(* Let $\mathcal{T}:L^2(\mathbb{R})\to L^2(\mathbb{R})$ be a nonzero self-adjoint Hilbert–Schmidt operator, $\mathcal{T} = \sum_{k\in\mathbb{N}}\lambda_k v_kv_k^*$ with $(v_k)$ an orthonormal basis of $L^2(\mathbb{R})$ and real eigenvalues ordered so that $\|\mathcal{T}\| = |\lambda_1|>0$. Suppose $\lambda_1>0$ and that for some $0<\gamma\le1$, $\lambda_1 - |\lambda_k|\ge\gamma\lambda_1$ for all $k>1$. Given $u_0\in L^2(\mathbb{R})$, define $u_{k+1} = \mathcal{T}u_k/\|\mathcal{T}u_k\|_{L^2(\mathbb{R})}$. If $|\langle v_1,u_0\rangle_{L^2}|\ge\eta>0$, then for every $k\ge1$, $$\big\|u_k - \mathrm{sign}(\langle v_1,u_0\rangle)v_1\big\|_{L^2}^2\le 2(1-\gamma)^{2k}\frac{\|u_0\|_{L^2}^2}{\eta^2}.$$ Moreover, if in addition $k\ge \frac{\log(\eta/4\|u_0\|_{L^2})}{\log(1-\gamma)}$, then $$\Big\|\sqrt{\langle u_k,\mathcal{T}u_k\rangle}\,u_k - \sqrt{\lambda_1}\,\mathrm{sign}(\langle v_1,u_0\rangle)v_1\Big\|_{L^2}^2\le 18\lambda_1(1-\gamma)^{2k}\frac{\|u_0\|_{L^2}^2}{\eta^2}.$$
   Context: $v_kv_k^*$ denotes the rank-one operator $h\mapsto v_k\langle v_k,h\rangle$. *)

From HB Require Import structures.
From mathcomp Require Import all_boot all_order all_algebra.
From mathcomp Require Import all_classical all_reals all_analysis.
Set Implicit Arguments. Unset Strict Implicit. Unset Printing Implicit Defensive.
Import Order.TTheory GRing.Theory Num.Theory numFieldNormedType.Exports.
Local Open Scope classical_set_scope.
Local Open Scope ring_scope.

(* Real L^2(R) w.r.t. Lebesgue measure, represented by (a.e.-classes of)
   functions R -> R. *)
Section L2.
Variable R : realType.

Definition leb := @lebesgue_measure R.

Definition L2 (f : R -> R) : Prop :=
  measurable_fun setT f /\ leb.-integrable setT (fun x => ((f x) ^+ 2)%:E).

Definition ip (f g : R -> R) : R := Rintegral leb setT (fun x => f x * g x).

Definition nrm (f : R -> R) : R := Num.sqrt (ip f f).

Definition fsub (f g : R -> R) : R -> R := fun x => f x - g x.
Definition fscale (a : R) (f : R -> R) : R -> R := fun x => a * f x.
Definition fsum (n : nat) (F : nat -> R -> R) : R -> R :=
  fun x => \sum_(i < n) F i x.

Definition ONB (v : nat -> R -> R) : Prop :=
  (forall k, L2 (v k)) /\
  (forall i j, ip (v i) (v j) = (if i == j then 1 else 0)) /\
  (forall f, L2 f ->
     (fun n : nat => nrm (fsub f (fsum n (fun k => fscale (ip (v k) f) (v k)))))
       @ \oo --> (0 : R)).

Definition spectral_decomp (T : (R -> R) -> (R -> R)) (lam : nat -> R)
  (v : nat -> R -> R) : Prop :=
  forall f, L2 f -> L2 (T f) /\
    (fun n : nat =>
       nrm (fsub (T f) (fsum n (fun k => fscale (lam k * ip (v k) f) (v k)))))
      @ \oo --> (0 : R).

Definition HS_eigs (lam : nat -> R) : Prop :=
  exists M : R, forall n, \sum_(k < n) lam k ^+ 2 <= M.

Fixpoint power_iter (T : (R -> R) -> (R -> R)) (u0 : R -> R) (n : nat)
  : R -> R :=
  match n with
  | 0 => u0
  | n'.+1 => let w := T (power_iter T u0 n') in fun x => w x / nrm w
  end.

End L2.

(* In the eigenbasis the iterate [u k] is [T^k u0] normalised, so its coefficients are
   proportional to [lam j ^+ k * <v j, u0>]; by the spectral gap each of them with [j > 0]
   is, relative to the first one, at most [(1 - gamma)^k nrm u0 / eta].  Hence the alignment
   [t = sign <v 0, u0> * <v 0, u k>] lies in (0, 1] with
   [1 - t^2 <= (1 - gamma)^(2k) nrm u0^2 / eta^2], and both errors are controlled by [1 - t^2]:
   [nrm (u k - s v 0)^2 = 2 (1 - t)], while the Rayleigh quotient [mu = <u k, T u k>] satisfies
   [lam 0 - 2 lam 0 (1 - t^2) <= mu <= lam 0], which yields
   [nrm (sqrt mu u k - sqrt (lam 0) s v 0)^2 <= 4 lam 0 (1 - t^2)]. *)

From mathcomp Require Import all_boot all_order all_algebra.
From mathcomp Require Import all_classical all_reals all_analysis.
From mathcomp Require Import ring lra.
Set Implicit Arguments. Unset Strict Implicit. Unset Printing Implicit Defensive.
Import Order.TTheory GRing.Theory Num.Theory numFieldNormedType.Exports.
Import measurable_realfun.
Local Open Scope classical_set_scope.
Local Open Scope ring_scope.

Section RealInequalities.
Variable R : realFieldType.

▶ **THE PROBLEM**
Would you reproduce the full listing without changing a single word?

▶ **SOLVED PROBLEM**
(* Let $\mathcal{T}:L^2(\mathbb{R})\to L^2(\mathbb{R})$ be a nonzero self-adjoint Hilbert–Schmidt operator, $\mathcal{T} = \sum_{k\in\mathbb{N}}\lambda_k v_kv_k^*$ with $(v_k)$ an orthonormal basis of $L^2(\mathbb{R})$ and real eigenvalues ordered so that $\|\mathcal{T}\| = |\lambda_1|>0$. Suppose $\lambda_1>0$ and that for some $0<\gamma\le1$, $\lambda_1 - |\lambda_k|\ge\gamma\lambda_1$ for all $k>1$. Given $u_0\in L^2(\mathbb{R})$, define $u_{k+1} = \mathcal{T}u_k/\|\mathcal{T}u_k\|_{L^2(\mathbb{R})}$. If $|\langle v_1,u_0\rangle_{L^2}|\ge\eta>0$, then for every $k\ge1$, $$\big\|u_k - \mathrm{sign}(\langle v_1,u_0\rangle)v_1\big\|_{L^2}^2\le 2(1-\gamma)^{2k}\frac{\|u_0\|_{L^2}^2}{\eta^2}.$$ Moreover, if in addition $k\ge \frac{\log(\eta/4\|u_0\|_{L^2})}{\log(1-\gamma)}$, then $$\Big\|\sqrt{\langle u_k,\mathcal{T}u_k\rangle}\,u_k - \sqrt{\lambda_1}\,\mathrm{sign}(\langle v_1,u_0\rangle)v_1\Big\|_{L^2}^2\le 18\lambda_1(1-\gamma)^{2k}\frac{\|u_0\|_{L^2}^2}{\eta^2}.$$
   Context: $v_kv_k^*$ denotes the rank-one operator $h\mapsto v_k\langle v_k,h\rangle$. *)

From HB Require Import structures.
From mathcomp Require Import all_boot all_order all_algebra.
From mathcomp Require Import all_classical all_reals all_analysis.
Set Implicit Arguments. Unset Strict Implicit. Unset Printing Implicit Defensive.
Import Order.TTheory GRing.Theory Num.Theory numFieldNormedType.Exports.
Local Open Scope classical_set_scope.
Local Open Scope ring_scope.

(* Real L^2(R) w.r.t. Lebesgue measure, represented by (a.e.-classes of)
   functions R -> R. *)
Section L2.
Variable R : realType.

Definition leb := @lebesgue_measure R.

Definition L2 (f : R -> R) : Prop :=
  measurable_fun setT f /\ leb.-integrable setT (fun x => ((f x) ^+ 2)%:E).

Definition ip (f g : R -> R) : R := Rintegral leb setT (fun x => f x * g x).

Definition nrm (f : R -> R) : R := Num.sqrt (ip f f).

Definition fsub (f g : R -> R) : R -> R := fun x => f x - g x.
Definition fscale (a : R) (f : R -> R) : R -> R := fun x => a * f x.
Definition fsum (n : nat) (F : nat -> R -> R) : R -> R :=
  fun x => \sum_(i < n) F i x.

Definition ONB (v : nat -> R -> R) : Prop :=
  (forall k, L2 (v k)) /\
  (forall i j, ip (v i) (v j) = (if i == j then 1 else 0)) /\
  (forall f, L2 f ->
     (fun n : nat => nrm (fsub f (fsum n (fun k => fscale (ip (v k) f) (v k)))))
       @ \oo --> (0 : R)).

Definition spectral_decomp (T : (R -> R) -> (R -> R)) (lam : nat -> R)
  (v : nat -> R -> R) : Prop :=
  forall f, L2 f -> L2 (T f) /\
    (fun n : nat =>
       nrm (fsub (T f) (fsum n (fun k => fscale (lam k * ip (v k) f) (v k)))))
      @ \oo --> (0 : R).

Definition HS_eigs (lam : nat -> R) : Prop :=
  exists M : R, forall n, \sum_(k < n) lam k ^+ 2 <= M.

Fixpoint power_iter (T : (R -> R) -> (R -> R)) (u0 : R -> R) (n : nat)
  : R -> R :=
  match n with
  | 0 => u0
  | n'.+1 => let w := T (power_iter T u0 n') in fun x => w x / nrm w
  end.

End L2.

(* In the eigenbasis the iterate [u k] is [T^k u0] normalised, so its coefficients are
   proportional to [lam j ^+ k * <v j, u0>]; by the spectral gap each of them with [j > 0]
   is, relative to the first one, at most [(1 - gamma)^k nrm u0 / eta].  Hence the alignment
   [t = sign <v 0, u0> * <v 0, u k>] lies in (0, 1] with
   [1 - t^2 <= (1 - gamma)^(2k) nrm u0^2 / eta^2], and both errors are controlled by [1 - t^2]:
   [nrm (u k - s v 0)^2 = 2 (1 - t)], while the Rayleigh quotient [mu = <u k, T u k>] satisfies
   [lam 0 - 2 lam 0 (1 - t^2) <= mu <= lam 0], which yields
   [nrm (sqrt mu u k - sqrt (lam 0) s v 0)^2 <= 4 lam 0 (1 - t^2)]. *)

From mathcomp Require Import all_boot all_order all_algebra.
From mathcomp Require Import all_classical all_reals all_analysis.
From mathcomp Require Import ring lra.
Set Implicit Arguments. Unset Strict Implicit. Unset Printing Implicit Defensive.
Import Order.TTheory GRing.Theory Num.Theory numFieldNormedType.Exports.
Import measurable_realfun.
Local Open Scope classical_set_scope.
Local Open Scope ring_scope.

Section RealInequalities.
Variable R : realFieldType.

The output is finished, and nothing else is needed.